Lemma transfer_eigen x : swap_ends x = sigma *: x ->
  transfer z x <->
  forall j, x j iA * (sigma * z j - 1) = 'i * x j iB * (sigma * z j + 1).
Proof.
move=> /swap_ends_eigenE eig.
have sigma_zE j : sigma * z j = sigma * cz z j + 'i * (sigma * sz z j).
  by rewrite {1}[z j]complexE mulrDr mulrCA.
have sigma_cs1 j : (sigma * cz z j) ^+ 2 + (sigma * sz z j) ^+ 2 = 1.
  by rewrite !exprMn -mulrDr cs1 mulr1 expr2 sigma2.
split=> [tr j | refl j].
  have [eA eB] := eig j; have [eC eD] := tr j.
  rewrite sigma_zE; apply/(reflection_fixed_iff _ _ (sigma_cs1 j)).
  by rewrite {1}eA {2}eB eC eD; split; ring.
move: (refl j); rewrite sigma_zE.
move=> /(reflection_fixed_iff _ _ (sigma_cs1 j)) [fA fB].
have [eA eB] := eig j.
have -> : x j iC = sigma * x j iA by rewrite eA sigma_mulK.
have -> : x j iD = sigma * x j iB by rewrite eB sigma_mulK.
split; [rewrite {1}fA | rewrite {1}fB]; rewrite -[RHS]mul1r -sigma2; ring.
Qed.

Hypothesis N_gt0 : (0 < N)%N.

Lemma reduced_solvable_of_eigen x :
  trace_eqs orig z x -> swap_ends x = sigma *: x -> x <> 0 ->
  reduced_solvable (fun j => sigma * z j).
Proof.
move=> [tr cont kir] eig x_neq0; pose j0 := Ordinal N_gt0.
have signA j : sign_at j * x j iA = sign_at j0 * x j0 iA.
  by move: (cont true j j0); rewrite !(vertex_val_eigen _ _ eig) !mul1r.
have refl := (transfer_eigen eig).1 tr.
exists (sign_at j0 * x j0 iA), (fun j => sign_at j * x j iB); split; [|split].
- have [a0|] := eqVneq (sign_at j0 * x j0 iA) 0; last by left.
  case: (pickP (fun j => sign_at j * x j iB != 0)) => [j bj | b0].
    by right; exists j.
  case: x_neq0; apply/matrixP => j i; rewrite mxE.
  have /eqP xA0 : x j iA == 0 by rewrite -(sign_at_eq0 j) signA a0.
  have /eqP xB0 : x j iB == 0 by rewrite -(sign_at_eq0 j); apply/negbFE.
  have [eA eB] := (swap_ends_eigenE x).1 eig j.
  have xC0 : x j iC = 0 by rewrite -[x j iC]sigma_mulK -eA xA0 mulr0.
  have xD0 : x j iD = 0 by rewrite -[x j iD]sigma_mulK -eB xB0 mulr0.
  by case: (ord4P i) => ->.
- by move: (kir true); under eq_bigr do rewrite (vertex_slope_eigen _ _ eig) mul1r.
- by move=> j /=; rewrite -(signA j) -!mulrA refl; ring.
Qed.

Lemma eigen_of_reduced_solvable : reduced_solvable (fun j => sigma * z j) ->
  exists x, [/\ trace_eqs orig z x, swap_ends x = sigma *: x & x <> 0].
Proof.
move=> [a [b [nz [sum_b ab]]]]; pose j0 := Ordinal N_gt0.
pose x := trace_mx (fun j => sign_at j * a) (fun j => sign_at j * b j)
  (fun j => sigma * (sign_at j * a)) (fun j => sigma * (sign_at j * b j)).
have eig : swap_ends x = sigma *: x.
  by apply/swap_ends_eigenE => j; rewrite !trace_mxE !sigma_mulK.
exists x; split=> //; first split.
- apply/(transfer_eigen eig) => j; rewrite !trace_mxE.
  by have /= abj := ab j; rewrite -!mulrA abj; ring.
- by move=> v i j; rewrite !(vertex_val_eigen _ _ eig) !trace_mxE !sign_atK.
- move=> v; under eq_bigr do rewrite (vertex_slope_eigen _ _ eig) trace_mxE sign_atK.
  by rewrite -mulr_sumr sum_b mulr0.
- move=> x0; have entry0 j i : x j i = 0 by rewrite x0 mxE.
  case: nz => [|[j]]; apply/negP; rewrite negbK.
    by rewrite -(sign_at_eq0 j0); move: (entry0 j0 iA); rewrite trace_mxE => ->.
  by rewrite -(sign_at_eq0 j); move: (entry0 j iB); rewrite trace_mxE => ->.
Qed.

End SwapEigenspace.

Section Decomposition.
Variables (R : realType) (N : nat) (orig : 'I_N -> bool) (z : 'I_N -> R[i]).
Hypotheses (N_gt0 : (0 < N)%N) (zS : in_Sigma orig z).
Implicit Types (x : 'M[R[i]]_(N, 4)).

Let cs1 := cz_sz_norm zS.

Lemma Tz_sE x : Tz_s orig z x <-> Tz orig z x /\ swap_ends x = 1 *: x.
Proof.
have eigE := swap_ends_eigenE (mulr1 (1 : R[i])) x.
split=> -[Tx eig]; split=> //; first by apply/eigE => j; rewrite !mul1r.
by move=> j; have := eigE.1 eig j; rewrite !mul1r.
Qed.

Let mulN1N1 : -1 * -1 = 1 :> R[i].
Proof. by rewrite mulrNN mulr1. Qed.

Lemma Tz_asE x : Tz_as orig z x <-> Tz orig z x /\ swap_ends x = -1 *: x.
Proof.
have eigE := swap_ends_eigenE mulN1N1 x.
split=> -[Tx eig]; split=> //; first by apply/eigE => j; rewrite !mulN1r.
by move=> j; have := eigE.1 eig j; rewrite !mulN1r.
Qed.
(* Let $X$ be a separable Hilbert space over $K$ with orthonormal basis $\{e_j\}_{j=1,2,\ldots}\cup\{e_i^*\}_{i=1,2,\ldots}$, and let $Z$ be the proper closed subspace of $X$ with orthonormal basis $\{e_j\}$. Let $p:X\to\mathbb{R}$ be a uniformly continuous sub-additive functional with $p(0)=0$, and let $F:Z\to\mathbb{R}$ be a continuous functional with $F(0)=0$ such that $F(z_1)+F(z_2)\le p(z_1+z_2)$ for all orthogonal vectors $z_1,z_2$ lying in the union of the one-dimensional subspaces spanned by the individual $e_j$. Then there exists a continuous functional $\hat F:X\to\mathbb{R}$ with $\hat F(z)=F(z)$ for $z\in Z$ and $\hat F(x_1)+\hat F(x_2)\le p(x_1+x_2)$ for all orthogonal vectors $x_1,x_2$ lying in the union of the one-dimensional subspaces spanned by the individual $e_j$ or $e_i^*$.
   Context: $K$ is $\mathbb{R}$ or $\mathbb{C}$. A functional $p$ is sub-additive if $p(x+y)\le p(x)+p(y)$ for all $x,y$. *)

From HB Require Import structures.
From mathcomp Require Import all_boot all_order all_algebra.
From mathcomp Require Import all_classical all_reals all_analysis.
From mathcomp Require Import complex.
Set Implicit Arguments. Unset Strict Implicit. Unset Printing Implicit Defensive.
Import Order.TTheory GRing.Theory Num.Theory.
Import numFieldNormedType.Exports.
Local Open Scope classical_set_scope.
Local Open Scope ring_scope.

WHAT THE TASK REQUIRES: Which lines above run from the one containing "by move: (cont" down to the one containing "Lemma eigen_of_reduced_solvable : reduced_solvable"? Repeat exactly those, both ends included, and nothing else.

RESULT OF THIS TASK:
  by move: (cont true j j0); rewrite !(vertex_val_eigen _ _ eig) !mul1r.
have refl := (transfer_eigen eig).1 tr.
exists (sign_at j0 * x j0 iA), (fun j => sign_at j * x j iB); split; [|split].
- have [a0|] := eqVneq (sign_at j0 * x j0 iA) 0; last by left.
  case: (pickP (fun j => sign_at j * x j iB != 0)) => [j bj | b0].
    by right; exists j.
  case: x_neq0; apply/matrixP => j i; rewrite mxE.
  have /eqP xA0 : x j iA == 0 by rewrite -(sign_at_eq0 j) signA a0.
  have /eqP xB0 : x j iB == 0 by rewrite -(sign_at_eq0 j); apply/negbFE.
  have [eA eB] := (swap_ends_eigenE x).1 eig j.
  have xC0 : x j iC = 0 by rewrite -[x j iC]sigma_mulK -eA xA0 mulr0.
  have xD0 : x j iD = 0 by rewrite -[x j iD]sigma_mulK -eB xB0 mulr0.
  by case: (ord4P i) => ->.
- by move: (kir true); under eq_bigr do rewrite (vertex_slope_eigen _ _ eig) mul1r.
- by move=> j /=; rewrite -(signA j) -!mulrA refl; ring.
Qed.

Lemma eigen_of_reduced_solvable : reduced_solvable (fun j => sigma * z j) ->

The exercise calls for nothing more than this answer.